# Info On 'agon' And 'kasper'



## Hetty101 (Oct 26, 2013)

Hi

I'm new to this forum and joined to find out some information on a watch. It belonged to my great aunt and was given to me a long time ago, I've only just rediscovered it in my loft.

Anyway, I'm only on my phone so don't know how to upload a picture of it.

On the face of the watch it says 'AGON 17 jewels' it also says antimagnetic and Switzerland. The box it came in is a clam shape and has 'Kasper' written in gold lettering inside it. It's a gold tone watch with paste diamonds and emeralds on the cover over the dial which lifts up to reveal the face. I know this is not a lot of help and I apologise, so....

1) how do I upload a photo using my phone?

2) does anyone know anything about the names I have given?

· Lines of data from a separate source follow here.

(* The hypothesis on the cosets of Inn(S), read in a copy H of S inside G: every
   automorphism beta of G stabilising H can be corrected by an inner automorphism of
   G, induced by some z in H, so that on H it becomes a p-element of order dividing
   #|Aut S|_p with at most #|S|/M fixed points. *)
Lemma local_witness beta : beta \in Aut G -> beta @: H = H ->
  exists2 z, z \in H &
    {in H, forall u, ((conj_aut G z * beta) ^+ #|Aut S|`_p) u = u}
    /\ (M * #|fixset H (conj_aut G z * beta)| <= #|S|)%N.
Proof.
move=> AutGb bH; have /isogP[phi injphi imphi] : S \isog H by rewrite isog_sym.
have [b AutSb phib] := Aut_transport injphi imphi sHG AutGb bH.
have [_ /rcosetP[_ /imsetP[s0 Ss0 ->] ->] /andP[px Mx]] := cosetS AutSb.
have AutSx : conj_aut S s0 * b \in Aut S by rewrite groupM ?Aut_aut.
set x := conj_aut S s0 * b in px Mx AutSx *; set y := conj_aut G (phi s0) * beta.
have GS s : s \in S -> phi s \in G by move=> Ss; rewrite (subsetP sHG) ?transport_mem.
have phix s : s \in S -> phi (x s) = y (phi s).
  move=> Ss; rewrite !permM conj_autE // phib ?groupJ // morphJ //.
  by rewrite conj_autE ?GS.
have phixn k s : s \in S -> phi ((x ^+ k) s) = (y ^+ k) (phi s).
  elim: k s => [|k IHk] s Ss; first by rewrite !expg0 !perm1.
  rewrite !expgSr [(x ^+ k * x) s]permM [(y ^+ k * y) _]permM -IHk // phix //.
  by rewrite Aut_closed ?groupX.
exists (phi s0); first exact: transport_mem.
split=> [u | ].
  rewrite -imphi => /morphimP[s _ Ss ->].
  have: x ^+ #|Aut S|`_p = 1.
    apply/eqP; rewrite -order_dvdn -(part_pnat_id px) partn_dvd ?order_dvdG //.
  by move=> xq; rewrite -phixn // xq perm1.
have -> : fixset H y = phi @: fixset S x.
  apply/setP=> u; apply/setIdP/imsetP=> [[] | [s /setIdP[Ss /eqP xs] ->]].
    rewrite -imphi => /morphimP[s _ Ss ->] /eqP ys; exists s => //.
    by rewrite inE Ss; apply/eqP/(injmP injphi); rewrite ?phix ?Aut_closed.
  by rewrite transport_mem // -phix // xs.
rewrite card_in_imset; last first.
  by move=> s1 s2 /setIdP[S1 _] /setIdP[S2 _]; apply: (injmP injphi).
by rewrite -(card_class_Inn ZS AutSx) leq_mul2r Mx orbT.
Qed.

End LocalWitness.

Section Orbits.
Variables (I : finType) (f : I -> I).
Hypothesis injf : injective f.

Definition orbit_root i := froot f i == i.

Lemma orbit_root_froot i : orbit_root (froot f i).
Proof. by rewrite /orbit_root (root_root (fconnect_sym injf)). Qed.

Lemma iter_froot i : iter (findex f (froot f i) i) f (froot f i) = i.
Proof. by apply: iter_findex; rewrite (fconnect_sym injf) connect_root. Qed.

Lemma orbit_root_iter r k : orbit_root r -> 0 < k < fingraph.order f r ->
  ~~ orbit_root (iter k f r).
Proof.
move=> rootr /andP[k_gt0 lt_k_r]; rewrite /orbit_root.
have /rootP <- := fconnect_iter f k r; last exact: fconnect_sym.
rewrite (eqP rootr); apply: contraTneq k_gt0 => eq_r.
by rewrite -(findex_iter lt_k_r) -eq_r findex0.
Qed.

Lemma order_dvdn_iter i n : iter n f i = i -> fingraph.order f i %| n.
Proof.
have iter_mul k : iter (k * fingraph.order f i) f i = i.
  by elim: k => // k IHk; rewrite mulSn iterD IHk iter_order.
rewrite {1}(divn_eq n (fingraph.order f i)) addnC iterD iter_mul => fi.
have := findex_iter (ltn_pmod n (fingraph.order_gt0 f i)).
by rewrite fi findex0 /dvdn => <-.
Qed.

End Orbits.

Section Construction.
Variables (gT hT : finGroupType) (S : {group gT}) (t p M : nat)
  (N : {group hT}) (T : 'I_t -> {group hT}).
Hypotheses (simS : simple S) (nabS : ~~ abelian S)
  (defN : \big[dprod/1]_(i < t) T i = N) (isoT : forall i, T i \isog S).
Hypothesis cosetS : forall b, b \in Aut S ->
  exists2 x, x \in Inn S :* b & p.-elt x && (M <= #|x ^: Inn S|).

Lemma simT i : simple (T i). Proof. by rewrite (isog_simple (isoT i)). Qed.
Lemma nabT i : ~~ abelian (T i). Proof. by rewrite (isog_abelian (isoT i)). Qed.

Variable a : {perm hT}.
Hypotheses (AutNa : a \in Aut N) (pa : p.-elt a).

Local Notation pi := (factor_perm T a).
Local Notation m i := (fingraph.order pi i).
Local Notation q := (#|Aut S|`_p)%N.
Local Notation base := (orbit_root pi).

Lemma pi_inj : injective pi.
Proof. exact: (factor_perm_inj defN simT nabT AutNa). Qed.

Lemma pi_factor k i : (a ^+ k) @: T i = T (iter k pi i).
Proof. exact: (factor_perm_iter defN simT nabT k i AutNa). Qed.

Lemma a_orbit_stab i : (a ^+ m i) @: T i = T i.
Proof. by rewrite pi_factor iter_order //; apply: pi_inj. Qed.

Definition good_corr i z := let x := conj_aut N z * a ^+ m i in
  [&& z \in T i, [forall (u | u \in T i), (x ^+ q) u == u]
    & (M * #|fixset (T i) x| <= #|S|)%N].

Definition corr i := odflt 1 [pick z | good_corr i z].

Lemma corrP i : good_corr i (corr i).
Proof.
rewrite /corr; case: pickP => [// | nogood].
have AutNam : a ^+ m i \in Aut N by rewrite groupX.
have [z Tz [xq Mx]] := local_witness (simple_center1 simS nabS) (isoT i)
  (sub_factor defN i) cosetS AutNam (a_orbit_stab i).
have := nogood z; rewrite /good_corr Tz Mx andbT => /negbT/negP[].
by apply/forall_inP=> u /xq->.
Qed.

Lemma corrT i : corr i \in T i.
Proof. by case/and3P: (corrP i). Qed.

Local Notation xloc i := (conj_aut N (corr i) * a ^+ m i).

Lemma xloc_order i u : u \in T i -> ((xloc i) ^+ q) u = u.
Proof. by case/and3P: (corrP i) => _ /forall_inP xq _ /xq/eqP. Qed.

Lemma xloc_fix i : (M * #|fixset (T i) (xloc i)| <= #|S|)%N.
Proof. by case/and3P: (corrP i). Qed.

(* The corrections at the orbit roots gather into one element n = corr_prod of N,
   giving g = corr_aut = conj(n) a in the coset Inn(N) a. *)
Definition corr_root i := if base i then corr i else 1.
Definition corr_prod := \prod_(i < t) corr_root i.
Definition corr_aut := conj_aut N corr_prod * a.

Lemma corr_rootT i : corr_root i \in T i.
Proof. by rewrite /corr_root; case: ifP; rewrite ?corrT. Qed.

Lemma corr_prodN : corr_prod \in N.
Proof. by apply: group_prod => i _; rewrite (subsetP (sub_factor defN i)) ?corr_rootT. Qed.

Lemma conj_corr_prod j u : u \in T j -> u ^ corr_prod = u ^ corr_root j.
Proof.
move=> Tu; rewrite (conj_coord defN Tu corr_prodN) (coord_prod defN) //.
exact: corr_rootT.
Qed.

Lemma corr_aut_coset : corr_aut \in Inn N :* a.
Proof. by rewrite mem_rcoset mulgK imset_f ?corr_prodN. Qed.

Lemma Aut_corr_aut : corr_aut \in Aut N.
Proof. by rewrite groupM ?Aut_aut. Qed.

Lemma corr_autE u : u \in N -> corr_aut u = a (u ^ corr_prod).
Proof. by move=> Nu; rewrite permM conj_autE ?corr_prodN. Qed.

Lemma corr_aut_factor k : corr_aut @: T k = T (pi k).
Proof.
rewrite (eq_imset _ (permM _ _)) imset_comp -(factor_permP defN simT nabT k AutNa).
congr (_ @: _); rewrite (eq_in_imset (g := conjg^~ corr_prod)); last first.
  by move=> u Tu; rewrite conj_autE ?corr_prodN ?(subsetP (sub_factor defN k)).
by have /normalP[_ nTN] := normal_factor defN k; rewrite -{2}(nTN corr_prod corr_prodN).
Qed.

Lemma corr_aut_iter k i : (corr_aut ^+ k) @: T i = T (iter k pi i).
Proof.
elim: k => [|k IHk]; first by rewrite expg0 (eq_imset _ (@perm1 _)) imset_id.
by rewrite expgSr (eq_imset _ (permM _ _)) imset_comp IHk corr_aut_factor.
Qed.

(* Along the orbit of a root r, conjugation by n acts only at r itself, so that
   g^(m r) agrees on T r with the corrected automorphism x_r. *)
Lemma corr_aut_pow_root r : base r -> {in T r, corr_aut ^+ m r =1 xloc r}.
Proof.
move=> rootr u Tu; have NT j : {subset T j <= N} by apply/subsetP/sub_factor.
have pow_iter k : k < m r -> (corr_aut ^+ k.+1) u = (a ^+ k.+1) (u ^ corr r).
  elim: k => [_ | k IHk lt_k_r].
    rewrite expg1 corr_autE ?(NT r) // [u ^ corr_prod](conj_corr_prod Tu).
    by rewrite /corr_root rootr.
  rewrite expgSr permM IHk 1?ltnW //.
  have Tw : (a ^+ k.+1) (u ^ corr r) \in T (iter k.+1 pi r).
    by rewrite -pi_factor imset_f // groupJ ?corrT.
  have notroot := orbit_root_iter pi_inj rootr (_ : 0 < k.+1 < m r).
  rewrite corr_autE ?(NT _ _ Tw) // [_ ^ corr_prod](conj_corr_prod Tw) /corr_root.
  by rewrite ifN ?conjg1 -?permM -?expgSr ?notroot.
have m_gt0 : 0 < m r := fingraph.order_gt0 pi r.
by rewrite -(prednK m_gt0) pow_iter ?prednK // permM conj_autE ?(NT r) ?corrT.
Qed.

Lemma xloc_stab i u : u \in T i -> xloc i u \in T i.
Proof.
move=> Tu; rewrite permM conj_autE ?(subsetP (sub_factor defN i)) ?corrT //.
by rewrite -[in X in _ \in X](a_orbit_stab i) imset_f // groupJ ?corrT.
Qed.

Lemma m_dvd_order r : m r %| #[a].
Proof.
apply: (order_dvdn_iter pi_inj); apply: (factor_inj defN simT); apply: val_inj.
by rewrite /= -pi_factor expg_order (eq_imset _ (@perm1 _)) imset_id.
Qed.

(* g^(#[a] q) fixes every factor pointwise: at a root r this is x_r^q = 1, and the
   other factors of the orbit are images of T r under powers of g. *)
Lemma corr_aut_pow_id j u : u \in T j -> (corr_aut ^+ (#[a] * q)) u = u.
Proof.
pose r := froot pi j; have rootr : base r := orbit_root_froot pi_inj j.
have fix_r w : w \in T r -> (corr_aut ^+ (#[a] * q)) w = w.
  move=> Tw; have -> : (#[a] * q = m r * q * (#[a] %/ m r))%N.
    by rewrite mulnAC [(m r * _)%N]mulnC divnK ?m_dvd_order.
  rewrite expgM permX_fix // expgM (eq_pow_on (corr_aut_pow_root rootr) (@xloc_stab r)) //.
  exact: xloc_order.
move: u; rewrite -(iter_froot pi_inj j) -corr_aut_iter => _ /imsetP[w Tw ->].
by rewrite -permM -expgD addnC expgD permM fix_r.
Qed.

Lemma corr_aut_p_elt : p.-elt corr_aut.
Proof.
have Aut_pow : corr_aut ^+ (#[a] * q) \in Aut N by rewrite groupX ?Aut_corr_aut.
have pow_E1 : corr_aut ^+ (#[a] * q) = 1.
  apply: (eq_Aut (A := N)) => // y; rewrite -(bigdprodW defN) => /prodsgP[c Tc ->].
  rewrite perm1 -(autmE Aut_pow) morph_prod => [|i _]; last first.
    by rewrite (subsetP (sub_factor defN i)) ?Tc.
  by apply: eq_bigr => i _; rewrite /= autmE (corr_aut_pow_id (Tc i _)).
have pE : p.-nat (#[a] * q)%N by rewrite pnatM part_pnat andbT.
by apply: pnat_dvd pE; rewrite order_dvdn pow_E1.
Qed.

Lemma corr_aut_factor_perm k : factor_perm T corr_aut k = pi k.
Proof. exact: (factor_perm_eq defN simT nabT Aut_corr_aut (corr_aut_factor k)). Qed.

Lemma coord_fix_iter y k j : y \in fixset N corr_aut ->
  coord T (iter k pi j) y = (corr_aut ^+ k) (coord T j y).
Proof.
case/setIdP=> Ny /eqP gy; elim: k => [|k IHk]; first by rewrite expg0 perm1.
rewrite iterS -{1}gy -(corr_aut_factor_perm (iter k pi j)).
rewrite (coord_Aut defN simT nabT) ?Aut_corr_aut //.
by rewrite IHk -permM -expgSr.
Qed.

(* A fixed point of g is encoded by its coordinates at the roots, the coordinate at
   a root r being a fixed point of x_r. *)
Definition root_fix i : {set hT} := if base i then fixset (T i) (xloc i) else [set 1].
Definition root_coords y : {ffun 'I_t -> hT} :=
  [ffun i => if base i then coord T i y else 1].

Lemma root_coords_inj : {in fixset N corr_aut &, injective root_coords}.
Proof.
move=> y1 y2 fix1 fix2 /ffunP eq12.
have /setIdP[N1 _] := fix1; have /setIdP[N2 _] := fix2.
apply: (coord_inj defN simT nabT N1 N2) => j; rewrite -(iter_froot pi_inj j).
have := eq12 (froot pi j); rewrite !ffunE orbit_root_froot //; last exact: pi_inj.
by rewrite !coord_fix_iter // => ->.
Qed.

Lemma root_coords_fam y : y \in fixset N corr_aut -> root_coords y \in family root_fix.
Proof.
move=> fixy; have /setIdP[Ny _] := fixy; apply/familyP=> i; rewrite ffunE /root_fix.
case: ifP => rooti; last exact: set11.
have Tyi : coord T i y \in T i by apply: (coordT defN).
rewrite inE Tyi -(corr_aut_pow_root rooti Tyi) -coord_fix_iter //.
by rewrite iter_order ?eqxx //; apply: pi_inj.
Qed.
(* Consider two channels $I$ and $J$ with the same finite state set $\mathcal{H}$ and pmfs $p^I_{\mathcal{H}}$, $p^J_{\mathcal{H}}$, and let $h^I\sim p^I_{\mathcal{H}}$, $h^J\sim p^J_{\mathcal{H}}$. Assume $C_u$ is non-increasing in $h$. If $h^I$ first-order stochastically dominates $h^J$, i.e. $\mathbb{E}[f(h^I)]\ge\mathbb{E}[f(h^J)]$ for every non-decreasing $f:\mathcal{H}\to\mathbb{R}$, then $\bar A_r^{I*}\le\bar A_r^{J*}$, where $\bar A_r^{I*}$ and $\bar A_r^{J*}$ denote the optimal values of the constrained problem (with the same $C_s$, $C_u$, $\hat A_l$, $\hat A_r$ and $C^{\max}$) under channels $I$ and $J$ respectively.
   Context: Single IoT device model. Fix integers $\hat A_l,\hat A_r\ge1$; AoI states $\mathbf{A}=(A_l,A_r)\in\{1,\dots,\hat A_l\}\times\{1,\dots,\hat A_r\}$. Channel states lie in a finite set $\mathcal{H}\subset(0,\infty)$ and are i.i.d. across time slots with a given pmf. Actions $\mathbf{w}=(s,u)\in\{0,1\}^2$ with energy cost $C(\mathbf{w},h)=sC_s+uC_u(h)$, $C_s\ge0$, $C_u:\mathcal{H}\to[0,\infty)$. AoI dynamics under $\mathbf{w}=(s,u)$: $A_l(t+1)=1$ if $s=1$, else $\min\{A_l(t)+1,\hat A_l\}$; $A_r(t+1)=\min\{A_l(t)+1,\hat A_r\}$ if $u=1$, else $\min\{A_r(t)+1,\hat A_r\}$. A stationary policy $\pi$ selects (possibly randomly) an action as a function of the current $(\mathbf{A}(t),h(t))$; for stationary unichain $\pi$, $\bar A_r(\pi)=\limsup_{T\to\infty}\frac1T\sum_{t=1}^T\mathbb{E}[A_r(t)]$ and $\bar C(\pi)=\limsup_{T\to\infty}\frac1T\sum_{t=1}^T\mathbb{E}[C(\mathbf{w}(t),h(t))]$. Given $C^{\max}>0$ (assumed such that the problem is feasible), the constrained problem is $\bar A_r^*=\min_\pi\{\bar A_r(\pi):\bar C(\pi)\le C^{\max}\}$ over stationary unichain policies. *)

From Stdlib Require Import Reals Lra Lia List Arith.
Import ListNotations.
Open Scope R_scope.

Definition sumL {A : Type} (l : list A) (f : A -> R) : R :=
  fold_right (fun x acc => f x + acc) 0 l.

(* state of the controlled chain: (A_l, A_r, h) *)
Definition st : Type := (nat * nat * R)%type.

(* actions w = (s, u) *)
Definition actions : list (bool * bool) :=
  [(false, false); (false, true); (true, false); (true, true)].

(* stationary randomized policy: probability of action w in state (A_l,A_r,h) *)
Definition Policy : Type := nat -> nat -> R -> bool * bool -> R.

Definition states (Alh Arh : nat) (hs : list R) : list st :=
  flat_map (fun al => flat_map (fun ar => map (fun h => (al, ar, h)) hs)
                                (seq 1 Arh)) (seq 1 Alh).

Definition next (Alh Arh : nat) (al ar : nat) (w : bool * bool) : nat * nat :=
  ((if fst w then 1%nat else Nat.min (al + 1) Alh),
   (if snd w then Nat.min (al + 1) Arh else Nat.min (ar + 1) Arh)).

3) I know it's at least 50-60 yrs old

Just wondering if anyone can help please?


----------



## Hetty101 (Oct 26, 2013)

Ok I think I've got it!


----------



## Hetty101 (Oct 26, 2013)




----------



## Chascomm (Sep 9, 2005)

Agon was a Swiss company specialising in the assembly and finishing of movements from ebauches (bought-in parts/kits); usually fairly low grade. It seems from your example that they were also assemblers of complete watches. Agon's big moment in history was their partnership with Tissot in the development and production of the almost-entirely-plastic Astrolon/Autolub movements found in such watches as the Tissot Synthetic. So I reckon they must have had some pretty clever people on their staff.


----------



## Hetty101 (Oct 26, 2013)

Thank you Chascomm  finding information on this watch has been quite difficult but thanks to you I know a little more about it 

It's not worth anything, just sentimental  looking up Agon I found out they were in production from 1930's-1971, am still trying to find out when this watch was made but there's not a lot of information out there. Anyway, it's tiny, rather bling and growing on me


----------